Job Description
In this essential position, your responsibilities will include closely collaborating with diverse teams across the organization to fortify our online systems, ensuring they are not only robust and scalable but also equipped to efficiently manage the complexities of a global customer base. Your expertise in site reliability will be crucial in driving ongoing enhancements to our technology landscape. This continuous improvement effort is vital to maintaining Ford's leadership in innovation within the automotive industry, helping us set standards in digital commerce and customer satisfaction. Your contributions will directly impact the smooth operation and evolutionary growth of our eCommerce capabilities, aligning with Ford's commitment to excellence and innovation
Responsibilities
As a Site Reliability Engineer, your responsibilities will include:
- Participating in 24x7 on-call production support rotations and handling incident response to minimize disruptions.
- Continuously monitoring the availability, reliability, and performance of systems, platforms, and applications, maintaining a holistic view of system health.
- Regularly review key site technical metrics such as transactions errors, logging, response times, caching strategies, conversion/bounce rates, capacity & resource utilization.
- Providing primary operational and engineering support for multiple large, distributed software applications.
- Proactively identify stability risks & work with engineering leadership to establish appropriate mitigation plans.
- Using automation tools, scripts, and processes to reduce or eliminate repetitive tasks, thereby improving the support provided by Site Reliability Engineering.
- Creating or modifying terraform files according to Ford formats to develop new monitoring dashboards and alert policies.
- Collaborating with engineering and architecture teams to evaluate and identify optimal cloud solutions, focusing on scalability, high-performance, and security.
- Gathering and analyzing metrics from operating systems and applications to assist in performance tuning and fault finding.
- Measuring and optimizing system performance continuously to exceed customer needs and advance capabilities.
- Troubleshooting and resolving issues related to full stack websites, cloud platforms, and infrastructure.
- Working closely with developers, testers, and business stakeholders to ensure the delivery of high-quality solutions, balancing feature development speed and reliability with well-defined service-level objectives.
- Ensuring compliance with security and regulatory standards, implementing and maintaining disaster recovery processes.
- Providing technical guidance and mentorship to other team members.
These responsibilities ensure the stability, efficiency, and continuous improvement of Ford Motor Company's eCommerce solutions, aligning with the organization's high standards and innovative approach.
Qualifications
4+ years SRE experience
- Ability to work effectively in a remote/virtual work setting with other global team members.
- Effectively work with cross-functional teams across the organization inside and outside of the technology and software organization
- Ability to dissect problems and explore them from different angles to find the most efficient solutions.
- Staying composed under pressure and bouncing back from setbacks quickly, maintaining focus on achieving system reliability.
- Keen attention to specifics to catch and address small issues before they escalate into larger problems.
- A strong desire to understand how things work and a willingness to explore and implement new technologies and methodologies.
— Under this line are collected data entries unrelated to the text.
Lemma sqr_spacing : spacing ^+ 2 * d%:R = 100.
Proof.
have d_pos : (0 : R) < d%:R by rewrite ltr0n.
by rewrite /spacing expr_div_n sqr_sqrtr ?ler0n //; field; lra.
Qed.

Definition grid_point (s : code) : pt := \row_i (spacing * ((s i)%:R - 1)).

Lemma enorm_grid_point s : enorm (grid_point s) <= 10.
Proof.
have -> : (10 : R) = Num.sqrt (spacing ^+ 2 * d%:R).
  have ten : (10 : R) ^+ 2 = 100 by rewrite expr2 -natrM.
  by rewrite sqr_spacing -ten sqrtr_sqr ger0_norm.
rewrite ler_sqrt ?mulr_ge0 ?sqr_ge0 // -[X in _ * X%:R]card_ord mulr_natr -sumr_const.
apply: ler_sum => i _; rewrite mxE exprMn -[leRHS]mulr1 ler_wpM2l ?sqr_ge0 //.
by case: (s i) => [[|[|[|]]]] //= _; rewrite ?subrr ?expr0n //=; lra.
Qed.

Definition decay : R := 9 / 10.
Definition penalty : R := decay ^+ 25.

Definition near_level (p : pt) (i : 'I_d) (j : 'I_3) : bool :=
  `|spacing * (j%:R - 1) - p 0 i| < spacing / 2.

Definition weight (p : pt) (i : 'I_d) (j : 'I_3) : R :=
  if near_level p i j then 1 else penalty.

Lemma penalty_ge0 : 0 <= penalty.
Proof. by rewrite exprn_ge0 // /decay; lra. Qed.

Lemma penalty_le : penalty <= 1 / 10.
Proof. by rewrite /penalty /decay !exprS expr0; lra. Qed.

Lemma weight_ge0 p i j : 0 <= weight p i j.
Proof. by rewrite /weight; case: ifP => _ //; exact: penalty_ge0. Qed.

Lemma sum_weight p i : \sum_(j < 3) weight p i j <= 1 + 2 * penalty.
Proof.
(* the three windows are disjoint, so at most one weight is [1] *)
rewrite !big_ord_recl big_ord0 /= /weight /near_level /=.
have := spacing_gt0; have := penalty_ge0; have := penalty_le.
set x := p 0 i; rewrite !ltr_norml => ? ? ?.
case: (boolP (_ < _ < _)) => /andP level0 /=;
case: (boolP (_ < _ < _)) => /andP level1 /=;
case: (boolP (_ < _ < _)) => /andP level2 /=;
move: level0 level1 level2; rewrite /bump /= ?add1n ?addn0 => *; nra.
Qed.

Lemma prod_weight_ge p s :
  sqdist (grid_point s) p <= 1 -> decay ^+ d <= \prod_(i < d) weight p i (s i).
Proof.
move=> p_near; pose B := [set i | ~~ near_level p i (s i)]%SET.
have -> : \prod_(i < d) weight p i (s i) = penalty ^+ #|B|.
  rewrite -prodr_const (bigID (fun i => i \in B)) /= [X in _ * X]big1 ?mulr1.
    by apply: eq_bigr => i; rewrite inE /weight => /negPf ->.
  by move=> i; rewrite inE negbK /weight => ->.
(* each coordinate off its level contributes at least [(spacing / 2)^2 = 25 / d] *)
have far_coords : (#|B| * 25 <= d)%N.
  have : #|B|%:R * (spacing ^+ 2 / 4) <= 1.
    apply: le_trans p_near; rewrite mulr_natl -sumr_const /sqdist.
    rewrite [leRHS](bigID (fun i => i \in B)) /= -[leLHS]addr0.
    rewrite lerD ?sumr_ge0 // => [|i _].
      apply: ler_sum => i; rewrite inE /near_level -leNgt mxE distrC => off.
      by have := spacing_gt0; rewrite -[leRHS]real_normK ?num_real //; nra.
    exact: sqr_ge0.
  have quarter : spacing ^+ 2 / 4 * d%:R = 25 by rewrite mulrAC sqr_spacing; lra.
  rewrite -(ler_nat R) natrM => B_le.
  by have := ler_wpM2r (ler0n R d) B_le; rewrite mul1r -mulrA quarter.
rewrite /penalty -exprM mulnC; apply: ler_wiXn2l => //; rewrite /decay; lra.
Qed.

Lemma sum_prod_weight p :
  \sum_(s : code) \prod_(i < d) weight p i (s i) <= (1 + 2 * penalty) ^+ d.
Proof.
rewrite -bigA_distr_bigA /= -[in leRHS](card_ord d) -prodr_const.
apply: ler_prod => i _; rewrite sum_weight andbT.
by apply: sumr_ge0 => j _; exact: weight_ge0.
Qed.

Lemma exists_grid_point_far (P : seq pt) : (size P <= 2 ^ d)%N ->
  exists s, forall p, p \in P -> 1 < sqdist (grid_point s) p.
Proof.
move=> sizeP; apply: contrapT => no_far.
have blocked s : exists2 p, p \in P & sqdist (grid_point s) p <= 1.
  apply: contrapT => s_far; apply: no_far; exists s => p pP.
  by rewrite ltNge; apply/negP => p_near; apply: s_far; exists p.
have card_code : #|{: code}| = (3 ^ d)%N by rewrite card_ffun !card_ord.
have lower : (3 * decay) ^+ d <= \sum_(s : code) \sum_(p <- P) \prod_i weight p i (s i).
  rewrite exprMn -natrX -card_code mulr_natl -sumr_const; apply: ler_sum => s _.
  have [p pP p_near] := blocked s; rewrite (big_rem p pP) /=.
  rewrite -[leLHS]addr0 lerD ?prod_weight_ge //.
  by apply: sumr_ge0 => q _; apply: prodr_ge0 => i _; exact: weight_ge0.
have upper : \sum_(s : code) \sum_(p <- P) \prod_i weight p i (s i)
    <= (2 * (1 + 2 * penalty)) ^+ d.
  rewrite exchange_big /=; apply: (le_trans (ler_sum _ (fun p _ => sum_prod_weight p))).
  rewrite big_const_seq count_predT iter_addr_0 exprMn -natrX (mulr_natl _ (2 ^ d)).
  by apply: ler_wpMn2l; rewrite ?exprn_ge0 // addr_ge0 ?mulr_ge0 ?penalty_ge0.
have := le_trans lower upper; apply/negP; rewrite -ltNge ltrXn2r ?gtn_eqF //.
all: by have := penalty_ge0; have := penalty_le; rewrite /decay; lra.
Qed.

End Packing.

Theorem theoremB1 (R : realType) (d : nat) (hd : (0 < d)%N)
    (A : algorithm R d) :
  exists (f : 'rV[R]_d -> R) (xstar : 'rV[R]_d),
    lipschitz_with 1 f /\
    grad_lipschitz_with 8 f /\
    (forall x y, f x - f y <= (expR 1)^-1) /\
    enorm xstar <= 10 /\
    (forall x, f xstar <= f x) /\
    (forall xo, run A f (2 ^ d) [::] = Some xo ->
       f xo - f xstar > (2 * expR 1)^-1).
Proof.
set h : R := (expR 1)^-1.
have e_ge2 : 2 <= expR (1 : R) by have := expR_ge1Dx (1 : R); lra.
have h_gt0 : 0 < h by rewrite invr_gt0; lra.
have h_le_half : h <= 1 / 2 by rewrite /h -invf_div divr1 lef_pV2 ?posrE //; lra.
have [s far] := exists_grid_point_far hd (size_visited A (fun=> 0) (2 ^ d) [::]).
pose c := grid_point R s.
have range := well_range c (ltW h_gt0).
exists (well c h), c; split; first exact: well_lipschitz (ltW h_gt0) h_le_half.
split; first exact: well_grad_lipschitz (ltW h_gt0) h_le_half.
split; first by move=> x y; have /andP[? ?] := range x; have /andP[? ?] := range y; lra.
split; first exact: enorm_grid_point.
split; first by move=> x; rewrite well_center; have /andP[] := range x.
move=> xo run_f.
have run_0 : run A (fun=> 0) (2 ^ d) [::] = Some xo.
  by rewrite -run_f; apply/esym/run_eq_on_visited => p /far /oracle_well_far.
rewrite well_center well_eq0; last exact: ltW (far _ (run_visited run_0)).
by rewrite invfM -/h; lra.
Qed.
- Flexibility in handling unexpected challenges and changes in technology or project directions.
- Taking initiative to prevent problems before they occur and continuously seeking improvements in system performance.
- Confidence and ability to make quick decisions during critical situations to prevent or minimize disruptions.
- Understanding and considering team members perspectives and challenges, fostering a supportive and inclusive environment.
- Clear and effective communication skills, capable of conveying complex information in a straightforward manner and engaging with both technical and non-technical stakeholders.
- Taking responsibility for the systems and the team, ensuring reliability, and being accountable for the outcomes.
- Commitment to the development of team members, providing guidance and feedback to help them grow in their professional capacities.
- Encouraging a collaborative team environment where ideas and solutions are shared openly and where each member's contribution is valued.
- Motivating the team to strive for excellence, pushing the boundaries of what is possible, and inspiring innovation through leadership.
- 5 - 6 years experience with JAVA, J2EE, NoSQL/SQL Datastore, Spring Boot, GCP/AWS/Azure & Docker/K8 in Maintenance and Development of multi-tier applications.
- Understanding of RESTful APIs and microservices platform
- 4 - 5 Years of experience with any of APM and other monitoring tools such as Dynatrace, New Relic, ELK, Splunk, Prometheus, Sensu, Nagios, Kafka, DataDog, PagerDuty.
- Strong experience with product & development teams to establish error budgets by identifying the right SLOs (Service level objective), SLIs (Service level indicators), KPIs (Key performance indicators) and effectively drive the use of the budget to ensure maximum domain availability/uptime.
- Experience in solving complex architecture/design & business problems, work to simplify, optimize, remove bottlenecks, etc.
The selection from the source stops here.